One of the risks the industry faces right now is stopping halfway. Adopting AI tools without redesigning workflows, accountability, and decision structure can actually increase confusion. Organizations may move faster through early stages of the loan process, yet still experience significant rework later. Operational studies have shown that a meaningful share of loans continue to cycle through multiple rounds of conditions and revisions after submission, signaling that speed alone does not equal certainty. In other words, speed without intelligence is not progress. True transformation requires organizations to rethink where decisions are made, how expertise is embedded, and how risk is managed. That is more difficult than adding tools, which is why it has taken so long.

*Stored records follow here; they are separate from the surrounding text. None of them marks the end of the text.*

Definition F_degree (F : seq A -> Prop) (X : seq (seq A)) (d : nat) : Prop :=
  (exists w, F w /\ num_parses X w d) /\
  (forall w n, F w -> num_parses X w n -> n <= d).

Definition proper_prefixes (X : seq (seq A)) : seq (seq A) :=
  undup (flatten [seq [seq take i y | i <- iota 0 (size y)] | y <- X]).
Definition proper_suffixes (X : seq (seq A)) : seq (seq A) :=
  undup (flatten [seq [seq drop i.+1 y | i <- iota 0 (size y)] | y <- X]).

End Words.

(* The parses of a word [w] correspond to the prefixes of [w] having no suffix in [X]
   (and, symmetrically, to its suffixes having no prefix in [X]).  Since [d] is the
   maximal number of parses, every proper extension of a factor with [d] parses ends
   and begins with a word of [X]; hence a factor has no prefix (resp. suffix) in [X]
   exactly when it lies in [P] (resp. [S]), and every factor at least as long as the
   words of [X] has [d] parses.  In a strict episturmian word every factor has a single
   right extension, except the right-special factor [r_n] of each length [n], which
   has [k]; moreover [r_(n+1)] ends with [r_n].  Counting level by level the nodes of
   the prefix tree of [P], the parses of the factors of length [n], and the parses of
   [r_n] gives three recurrences; summing them up to the maximal length of [X] and
   eliminating [sum_n #parses(r_n)] yields the formula. *)

From mathcomp Require Import all_boot all_order all_algebra zify boolp.
Set Implicit Arguments. Unset Strict Implicit. Unset Printing Implicit Defensive.

Section PrefixSuffix.
Variable T : eqType.
Implicit Types u v w : seq T.

Lemma prefixes_comparable u v w : prefix u w -> prefix v w -> prefix u v || prefix v u.
Proof.
rewrite ![prefix _ w]prefixE => /eqP Hu /eqP Hv.
case: (leqP (size u) (size v)) => h; apply/orP.
- by left; rewrite prefixE -Hv take_takel // Hu.
- by right; rewrite prefixE -Hu take_takel ?Hv // ltnW.
Qed.

Lemma suffixes_comparable u v w : suffix u w -> suffix v w -> suffix u v || suffix v u.
Proof.
by rewrite -!prefix_rev => Hu Hv; have := prefixes_comparable Hu Hv; rewrite !prefix_rev.
Qed.

Lemma prefix_size_eq u v : prefix u v -> size v <= size u -> u = v.
Proof.
move=> /prefixP [s ->]; rewrite size_cat -{2}[size u]addn0 leq_add2l leqn0 size_eq0.
by move/eqP ->; rewrite cats0.
Qed.

Lemma suffix_size_eq u v : suffix u v -> size v <= size u -> u = v.
Proof.
rewrite -prefix_rev => h hs; apply: (can_inj revK); apply: prefix_size_eq h _.
by rewrite !size_rev.
Qed.

Lemma prefix_rcons_size u v a : prefix u (rcons v a) -> size u <= size v -> prefix u v.
Proof. by rewrite !prefixE -cats1 => /eqP h hs; rewrite -{2}h takel_cat. Qed.

End PrefixSuffix.

Section Parses.
Variable A : finType.
Implicit Types (Y : seq (seq A)) (w u v : seq A).

Definition nosuffix Y v := all (fun y => ~~ suffix y v) Y.
Definition noprefix Y u := all (fun y => ~~ prefix y u) Y.

Lemma nosuffixP Y v : reflect (forall s, suffix s v -> s \notin Y) (nosuffix Y v).
Proof.
apply: (iffP allP) => H.
- by move=> s sv; apply/negP => /H; rewrite sv.
- by move=> y yY; apply/negP => /H; rewrite yY.
Qed.

Lemma noprefixP Y u : reflect (forall p, prefix p u -> p \notin Y) (noprefix Y u).
Proof.
apply: (iffP allP) => H.
- by move=> p pu; apply/negP => /H; rewrite pu.
- by move=> y yY; apply/negP => /H; rewrite yY.
Qed.

Lemma noprefix_has Y u : noprefix Y u = ~~ has (fun y => prefix y u) Y.
Proof. by rewrite /noprefix -all_predC. Qed.

Lemma nosuffix_rev Y v : nosuffix (map rev Y) (rev v) = noprefix Y v.
Proof. by rewrite /nosuffix all_map; apply: eq_all => y /=; rewrite suffix_rev. Qed.

Lemma noprefix_rev Y v : noprefix (map rev Y) (rev v) = nosuffix Y v.
Proof. by rewrite /noprefix all_map; apply: eq_all => y /=; rewrite prefix_rev. Qed.

Definition prefix_code Y := {in Y &, forall u v, prefix u v -> u = v}.
Definition suffix_code Y := {in Y &, forall u v, suffix u v -> u = v}.

Lemma bifix_code_nil Y : bifix_code (fun w => w \in Y) -> [::] \notin Y.
Proof. by case=> Hne _; apply/negP => /Hne; rewrite eqxx. Qed.

Lemma bifix_code_prefix Y : bifix_code (fun w => w \in Y) -> prefix_code Y.
Proof.
case=> _ H u v uY vY uv; have [+ _] := H u v uY vY.
by rewrite /proper_prefix uv negbK => /eqP.
Qed.

Lemma bifix_code_suffix Y : bifix_code (fun w => w \in Y) -> suffix_code Y.
Proof.
case=> _ H u v uY vY uv; have [_ +] := H u v uY vY.
by rewrite /proper_suffix uv negbK => /eqP.
Qed.

Lemma prefix_code_rev Y : suffix_code Y -> prefix_code (map rev Y).
Proof.
move=> SC _ _ /mapP [u uY ->] /mapP [v vY ->]; rewrite prefix_rev => uv.
by rewrite (SC u v uY vY uv).
Qed.

Lemma nil_notin_rev Y : [::] \notin Y -> [::] \notin map rev Y.
Proof.
move=> Yne; apply/mapP => -[y yY Ey].
suff y0 : y = [::] by rewrite -y0 yY in Yne.
by rewrite -[y]revK -Ey.
Qed.

(* Greedy factorisation [w = x ++ u] with [x] in [Y^*] and [u] without prefix in [Y];
   [n] is fuel, sufficient as soon as [size w < n] and [[::] \notin Y]. *)
Fixpoint star_split Y n w : seq A * seq A :=
  if n is n'.+1 then
    if find (fun y => prefix y w) Y < size Y then
      let y := nth [::] Y (find (fun y => prefix y w) Y) in
      let r := star_split Y n' (drop (size y) w) in (y ++ r.1, r.2)
    else ([::], w)
  else ([::], w).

A Case in Point: Building AI-Native Lending Models

In recent conversations with industry operators, including Troy Kennedy, CEO of LoanWorks, Inc., a recurring theme has emerged: the most meaningful change happens when companies design their operating model with intelligence assumed from the beginning. Rather than asking, “How do we add AI to what we do?” the better question becomes, “How would we build this if intelligence were always available?” That mindset leads to different choices: fewer handoffs, clearer accountability, systems that guide rather than chase, and loan officers who spend more time advising and less time managing process. Companies such as LoanWorks, working in conjunction with intelligence platforms like AngelAi, reflect this approach. Not because they use AI, but because they structure around it. The distinction is subtle, but critical.

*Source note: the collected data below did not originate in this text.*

(* Let $z\in\mathbb{E}^d$ and $x\in\mathbb{E}^d\setminus\mathbf{B}[z]$. Let $C$ be a circle of radius at least one and $\mu$ an arc of $C$ which is shorter than a quarter circle, with end points $x$ and $y$, oriented from $x$ toward $y$. Assume that the angle between the vector $x-z$ and the (oriented) tangent direction of $\mu$ at $x$ is at most a right angle. Then $y\notin\mathbf{B}[z]$.
   Context: $\mathbf{B}[z]$ denotes the closed unit ball centered at $z$. An arc is a connected subset of a circle containing no pair of antipodal points of the circle. *)

From HB Require Import structures.
From mathcomp Require Import all_boot all_order all_algebra.
From mathcomp Require Import all_classical all_reals all_analysis.
Set Implicit Arguments. Unset Strict Implicit. Unset Printing Implicit Defensive.
Import Order.TTheory GRing.Theory Num.Theory.
Local Open Scope ring_scope.

Definition dotp (R : realType) (d : nat) (u v : 'rV[R]_d) : R :=
  \sum_(i < d) u ord0 i * v ord0 i.

Definition enorm (R : realType) (d : nat) (u : 'rV[R]_d) : R :=
  Num.sqrt (dotp u u).

Definition closed_unit_ball (R : realType) (d : nat) (z : 'rV[R]_d) :
  set 'rV[R]_d := [set x | enorm (x - z) <= 1].

(* Point of the circle with center c, radius r, in the plane spanned by the
   orthonormal pair (u, v), at angle t. *)
Definition circ_pt (R : realType) (d : nat) (c u v : 'rV[R]_d) (r t : R) :
  'rV[R]_d := c + (r * cos t) *: u + (r * sin t) *: v.

From HB Require Import structures.
From mathcomp Require Import all_boot all_order all_algebra.
From mathcomp Require Import all_classical all_reals all_analysis.
From mathcomp Require Import ring lra.
Import Order.TTheory GRing.Theory Num.Theory.
Local Open Scope ring_scope.

(* With P := c - z, the squared distance from z to the point of the circle at
   angle t is |P|^2 + 2 r (cos t <P,u> + sin t <P,v>) + r^2.  The hypothesis on
   x says |P|^2 + 2 r <P,u> + r^2 > 1, and the tangent condition says <P,v> >= 0.
   If <P,u> <= 0, moving from angle 0 to theta in (0, pi/2) can only increase
   both angle terms; if <P,u> > 0, the distance squared exceeds r^2 >= 1. *)

Section DotProduct.
Context {R : realType} {d : nat}.
Implicit Types (a b w z x P u v : 'rV[R]_d).

Lemma dotpDl a b w : dotp (a + b) w = dotp a w + dotp b w.
Proof. by rewrite /dotp -big_split; apply: eq_bigr => i _; rewrite !mxE mulrDl. Qed.

Lemma dotpZl k a w : dotp (k *: a) w = k * dotp a w.
Proof. by rewrite /dotp mulr_sumr; apply: eq_bigr => i _; rewrite !mxE mulrA. Qed.

Lemma dotpC a w : dotp a w = dotp w a.
Proof. by apply: eq_bigr => i _; rewrite mulrC. Qed.

Lemma dotpDr a b w : dotp w (a + b) = dotp w a + dotp w b.
Proof. by rewrite dotpC dotpDl !(dotpC w). Qed.

Lemma dotpZr k a w : dotp w (k *: a) = k * dotp w a.
Proof. by rewrite dotpC dotpZl dotpC. Qed.

Lemma dotpp_ge0 a : 0 <= dotp a a.
Proof. by apply: sumr_ge0 => i _; rewrite -expr2 sqr_ge0. Qed.

Lemma closed_unit_ballE z x : closed_unit_ball z x <-> dotp (x - z) (x - z) <= 1.
Proof.
rewrite /closed_unit_ball /enorm /=.
by rewrite -[X in _ <= X]sqrtr1 ler_sqrt // ?dotpp_ge0.
Qed.

Lemma dotp_orthonormal_combination P u v (a b : R) :
  dotp u u = 1 -> dotp v v = 1 -> dotp u v = 0 ->
  dotp (P + a *: u + b *: v) (P + a *: u + b *: v) =
  dotp P P + 2 * (a * dotp P u + b * dotp P v) + (a ^+ 2 + b ^+ 2).
Proof.
move=> uu vv uv.
rewrite !(dotpDl, dotpDr, dotpZl, dotpZr) uu vv uv (dotpC v u) uv.
by rewrite (dotpC u P) (dotpC v P); ring.
Qed.

End DotProduct.

Lemma sqdist_circ_pt (R : realType) (d : nat) (z c u v : 'rV[R]_d) (r t : R) :
  dotp u u = 1 -> dotp v v = 1 -> dotp u v = 0 ->
  dotp (circ_pt c u v r t - z) (circ_pt c u v r t - z) =
  dotp (c - z) (c - z)
  + 2 * r * (cos t * dotp (c - z) u + sin t * dotp (c - z) v) + r ^+ 2.
Proof.
move=> uu vv uv.
have -> : circ_pt c u v r t - z = (c - z) + (r * cos t) *: u + (r * sin t) *: v.
  by rewrite /circ_pt addrAC (addrAC c).
rewrite dotp_orthonormal_combination // !exprMn -mulrDr cos2Dsin2.
by ring.
Qed.

Lemma tangent_circ_pt0 (R : realType) (d : nat) (z c u v : 'rV[R]_d) (r : R) :
  dotp u v = 0 -> dotp (circ_pt c u v r 0 - z) v = dotp (c - z) v.
Proof.
move=> uv.
rewrite /circ_pt cos0 sin0 mulr1 mulr0 scale0r addr0 addrAC.
by rewrite (dotpDl (c - z)) dotpZl uv mulr0 addr0.
Qed.

Lemma quarter_arc_sqdist_gt1 (R : realFieldType) (Q Pu Pv r C S : R) :
  0 <= Q -> 1 <= r -> 0 < C <= 1 -> 0 <= S -> 0 <= Pv ->
  1 < Q + 2 * r * Pu + r ^+ 2 ->
  1 < Q + 2 * r * (C * Pu + S * Pv) + r ^+ 2.
Proof.
move=> Q0 r1 /andP[C0 C1] S0 Pv0 start.
have SPv0 : 0 <= r * (S * Pv) by rewrite !mulr_ge0 //; lra.
have [Pu_le0 | Pu_gt0] := lerP Pu 0.
- have : 0 <= r * ((1 - C) * - Pu) by rewrite !mulr_ge0 //; lra.
  lra.
- have : 0 < r * (C * Pu) by rewrite !mulr_gt0 //; lra.
  have : 1 <= r ^+ 2 by nra.
  lra.
Qed.

Theorem lemma1 (R : realType) (d : nat) (z x y c u v : 'rV[R]_d)
    (r theta : R) :
  ~ closed_unit_ball z x ->
  1 <= r ->
  dotp u u = 1 -> dotp v v = 1 -> dotp u v = 0 ->
  0 < theta -> theta < pi / 2 ->
  x = circ_pt c u v r 0 -> y = circ_pt c u v r theta ->
  0 <= dotp (x - z) v ->
  ~ closed_unit_ball z y.
Proof.
move=> + r1 uu vv uv theta0 theta_lt x_def y_def.
rewrite {}x_def {}y_def => x_out tangent; move: x_out.
rewrite !closed_unit_ballE !sqdist_circ_pt // cos0 sin0 mul1r mul0r addr0.
rewrite tangent_circ_pt0 // in tangent.
move=> /negP; rewrite -ltNge => start; apply/negP; rewrite -ltNge.
apply: quarter_arc_sqdist_gt1 start; rewrite ?dotpp_ge0 //.
- rewrite cos_le1 andbT cos_gt0_pihalf // theta_lt andbT.
  by rewrite (lt_trans _ theta0) // oppr_lt0 divr_gt0 ?pi_gt0.
- by rewrite ltW // sin_gt0_pihalf // theta0.
Qed.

What This Means for the Industry in 2025

As we look ahead, competitive advantage in mortgage lending will not come from who has the most tools. It will come from who has the clearest systems. Loan officers will gravitate toward environments that reduce friction and increase confidence. Consumers will reward lenders who combine speed with certainty. Regulators will continue to expect consistency and transparency, a trend reflected in supervisory guidance that increasingly focuses on process integrity rather than intent. AI-native models, when designed responsibly, have the potential to address all three. But only if leaders are willing to move beyond incrementalism.

The Question Leaders Must Answer

The question facing the industry is no longer whether artificial intelligence will play a role in mortgage lending. That answer is already clear. The real question is whether organizations are willing to redesign themselves to match what the technology now makes possible. Mortgage is not being automated. It is being rebuilt.